MAY HAS BEEN A CRUEL MONTH for Vladimir Putin, between the embarrassment of a truncated Victory Day parade on Red Square, the reports of Russian troops stalled in Ukraine, and now Ukrainian drones sowing fear in Moscow and its environs. But there is other bad news for the Kremlin dictator as well: some stark reminders that he is losing his grip on former Soviet republics once content with dependency on the Russian “big brother.”

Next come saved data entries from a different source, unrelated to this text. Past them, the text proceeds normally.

(* Let $X\ge 1$. Let $\mathcal{Q}$ be a set of pairwise coprime positive integers with $\prod_{q \in \mathcal{Q}} q \ge X$. Let $P \subseteq \{1,\dots,X\}$ be an arithmetic progression of length at least $X^{3/4}$ whose common difference is coprime to all $q \in \mathcal{Q}$. Let $d, m \ge 1$ be integers with $(\max_{q \in \mathcal{Q}} q)^{dm} \le X^{1/16}$. Let $\Gamma := \pi_{\mathcal{Q}}(P)\subseteq G_{\mathcal{Q}}$. Let $f \in B(P)$ with $\mathbb{E}_{x\in P} |f(x)| = \alpha$, and let $g := \Psi_{P,\mathcal{Q}} f \in B(G_{\mathcal{Q}})$. Then \[ \mathbb{E}_{x\in\Gamma} |W_{d} g(x)|^{2m} \le \mathbb{E}_{x\in G_{\mathcal{Q}}} |W_{d} g(x)|^{2m} + \alpha^{2m} X^{-1/4}.\]
   Context: $B(\Sigma)$ denotes the space of complex-valued functions on a finite set $\Sigma$. $G_{\mathcal{Q}} := \prod_{q\in\mathcal{Q}} \mathbb{Z}/q\mathbb{Z}\cong \mathbb{Z}/(\prod_{q\in\mathcal{Q}}q)\mathbb{Z}$, and $\pi_{\mathcal{Q}}:\mathbb{Z}\to G_{\mathcal{Q}}$ is the natural projection. Characters of $G_{\mathcal{Q}}$ are identified with $\xi=\sum_{q\in\mathcal{Q}}\xi_q/q\in\bigoplus_{q\in\mathcal{Q}}(\frac1q\mathbb{Z}/\mathbb{Z})$, acting by $x\mapsto e(\xi x)$ with $e(t)=e^{2\pi i t}$; $|\xi|$ denotes the number of $q$ with $\xi_q\not\equiv 0$. Fourier coefficients: $\widehat g(\xi)=\mathbb{E}_{x\in G_{\mathcal{Q}}} g(x)\overline{e(\xi x)}$. The level-$d$ operator is $W_d g(x)=\sum_{\xi:|\xi|=d}\widehat g(\xi)e(\xi x)$. The lift $\Psi_{P,\mathcal{Q}}:B(P)\to B(G_{\mathcal{Q}})$ is defined by $(\Psi_{P,\mathcal{Q}}f)(\pi_{\mathcal{Q}}(x))=|P|^{-1}|G_{\mathcal{Q}}|f(x)$ for $x\in P$ and $0$ off $\pi_{\mathcal{Q}}(P)$ (well-defined since $\pi_{\mathcal{Q}}$ is injective on $P$). *)

From mathcomp Require Import all_boot all_algebra.
From mathcomp Require Import all_classical all_reals all_analysis.
From mathcomp Require Import complex.
Import GRing.Theory Num.Theory.
Local Open Scope ring_scope.

Section Defs.
Variable R : realType.
Local Notation C := R[i].

Definition ee (t : R) : C := (cos (2 * pi * t) +i* sin (2 * pi * t))%C.

Definition modc (z : C) : R := Normc.normc z.

Definition avg (s : seq nat) (h : nat -> R) : R :=
  (size s)%:R^-1 * \sum_(x <- s) h x.

(* Q is given as a duplicate-free list of moduli. *)
(* |G_Q| = prod_{q in Q} q; G_Q = Z/NZ, elements represented by 0..N-1 *)
Definition NQ (Q : seq nat) : nat := \prod_(q <- Q) q.
Definition piQ (Q : seq nat) (x : nat) : nat := x %% NQ Q.
Definition maxQ (Q : seq nat) : nat := \max_(q <- Q) q.

Definition avgG (Q : seq nat) (h : nat -> R) : R := avg (iota 0 (NQ Q)) h.

(* characters xi = sum_q xi_q / q, with xi_q in {0,..,q-1}, indexed by
   positions i < size Q (the modulus being q_i = nth 1 Q i) *)
Definition charQ (Q : seq nat) := {ffun 'I_(size Q) -> 'I_(maxQ Q)}.
Definition is_charQ (Q : seq nat) (xi : charQ Q) : bool :=
  [forall i, (val (xi i) < nth 1 Q i)%N].
Definition char_wt (Q : seq nat) (xi : charQ Q) : nat :=
  #|[set i : 'I_(size Q) | ~~ (nth 1 Q i %| val (xi i))%N]|.
Definition char_val (Q : seq nat) (xi : charQ Q) (x : nat) : C :=
  ee (\sum_(i < size Q) ((val (xi i))%:R * x%:R / (nth 1 Q i)%:R)).

Definition fourier (Q : seq nat) (g : nat -> C) (xi : charQ Q) : C :=
  (NQ Q)%:R^-1 * \sum_(x < NQ Q) g x * (char_val Q xi x)^*%C.

Definition Wd (Q : seq nat) (d : nat) (g : nat -> C) (x : nat) : C :=
  \sum_(xi : charQ Q | is_charQ Q xi && (char_wt Q xi == d)) fourier Q g xi * char_val Q xi x.

Definition AP (a r L : nat) : seq nat := [seq a + r * k | k <- iota 0 L].

Definition PsiPQ (P Q : seq nat) (f : nat -> C) (z : nat) : C :=
  let PP := map (piQ Q) P in
  if z \in PP then ((NQ Q)%:R / (size P)%:R)%:C%C * f (nth 0%N P (index z PP))
  else 0.

Definition GammaQ (P Q : seq nat) : seq nat := undup (map (piQ Q) P).

End Defs.

Arguments ee {R}.
Arguments modc {R}.
Arguments avg {R}.
Arguments avgG {R}.
Arguments char_val {R}.
Arguments fourier {R}.
Arguments Wd {R}.
Arguments PsiPQ {R}.

From mathcomp Require Import all_boot all_algebra.
From mathcomp Require Import all_classical all_reals all_analysis.
From mathcomp Require Import complex.
From mathcomp Require Import ring lra zify.
Import order.Order.TTheory GRing.Theory Num.Theory.
Local Open Scope ring_scope.

Set Implicit Arguments.
Unset Strict Implicit.
Unset Printing Implicit Defensive.

(* Expanding |W_d g|^{2m} writes it as a combination, indexed by pairs of
   m-tuples of level-d characters, of characters x |-> e(θ x) of G_Q whose
   coefficients are bounded by α^{2m}, because |ĝ(ξ)| <= E_{x ∈ P} |f(x)|.
   Each such θ = Σ_q v_q / q involves at most 2dm moduli, whose product D is
   at most (max q)^{2dm}.  If θ is an integer, both averages equal 1.
   Otherwise the G_Q-average vanishes, while π_Q maps P injectively onto Γ
   and the Γ-average is a geometric sum whose ratio is a D-th root of unity
   different from 1 (the difference of P is coprime to every q), hence is at
   most D / |P|.  With at most (max q)^{4dm} terms, the two averages differ
   by at most α^{2m} (max q)^{6dm} / |P| <= α^{2m} X^{6/16 - 12/16}. *)

Section RootsOfUnity.
Variable C : numDomainType.

Lemma sum_expr_modn (u : C) (D L : nat) : u ^+ D = 1 -> u != 1 ->
  \sum_(k < L) u ^+ k = \sum_(k < L %% D) u ^+ k.
Proof.
move=> uD u1; apply: (mulfI (_ : u - 1 != 0)); first by rewrite subr_eq0.
by rewrite -!subrX1 {1}(divn_eq L D) exprD mulnC exprM uD expr1n mul1r.
Qed.

Lemma sum_expr_eq0 (u : C) (D : nat) : u ^+ D = 1 -> u != 1 ->
  \sum_(k < D) u ^+ k = 0.
Proof. by move=> uD u1; rewrite (sum_expr_modn D uD u1) modnn big_ord0. Qed.

Lemma norm_sum_expr_le (u : C) (D L : nat) : `|u| = 1 -> u ^+ D = 1 -> u != 1 ->
  (0 < D)%N -> `|\sum_(k < L) u ^+ k| <= D%:R.
Proof.
move=> u1 uD un1 D0; rewrite (sum_expr_modn L uD un1).
apply: (le_trans (ler_norm_sum _ _ _)).
rewrite (eq_bigr (fun _ => 1)) => [|k _]; last by rewrite normrX u1 expr1n.
by rewrite sumr_const card_ord ler_nat ltnW // ltn_pmod.
Qed.

End RootsOfUnity.

Section Complex.
Variable R : realType.
Local Notation C := R[i].

Lemma modcE (z : C) : (modc z)%:C%C = `|z|.
Proof. by case: z => a b; rewrite normc_def. Qed.

Lemma modc_ge0 (z : C) : 0 <= modc z.
Proof. by have := normr_ge0 z; rewrite -modcE -[0 : C]/(0%:C)%C lecR. Qed.

Lemma normC_real (x : R) : `|x%:C%C| = (`|x|)%:C%C :> C.
Proof. by rewrite normc_def /= expr0n /= addr0 sqrtr_sqr. Qed.

Lemma ee0 : ee 0 = 1 :> C.
Proof. by rewrite /ee mulr0 cos0 sin0. Qed.

Lemma eeD (s t : R) : ee (s + t) = ee s * ee t :> C.
Proof.
rewrite /ee mulrDr cosD sinD; apply/eqP; rewrite eq_complex /=.
by rewrite !eqxx /= [sin _ * cos _]mulrC addrC eqxx.
Qed.

Lemma eeN (t : R) : ee (- t) = (ee t)^*%C :> C.
Proof. by rewrite /ee mulrN cosN sinN. Qed.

This shift is playing out most dramatically in Armenia, which is heading into June 7 parliamentary elections that pit the pro-Western party headed by Prime Minister Nikol Pashinyan against several Russia-friendly opposition parties. Pashinyan had long sought to maintain a delicate balance between Russia, with which Armenia has extensive economic ties, and Western powers. But the chill between him and Putin has been growing for a while. On May 9, Pashinyan was conspicuously absent from the dreary Victory Day celebrations in Moscow, citing campaign events. Just days earlier, he had presided over the first-ever European Political Community Summit in the capital of Armenia, Yerevan, where he mingled with EU leaders such as Emmanuel Macron and Volodymyr Zelensky—and stressed that Armenia was “not Russia’s ally on the question of Ukraine.” And, while Pashinyan had visited Moscow in April for an ostensibly amicable meeting with Putin, he had coolly rebuffed Putin’s complaints about the supposed persecution of pro-Russian politicians in Armenia with a thinly veiled dig at his host, noting that Armenia had not only free and competitive elections but “100 percent free” social media.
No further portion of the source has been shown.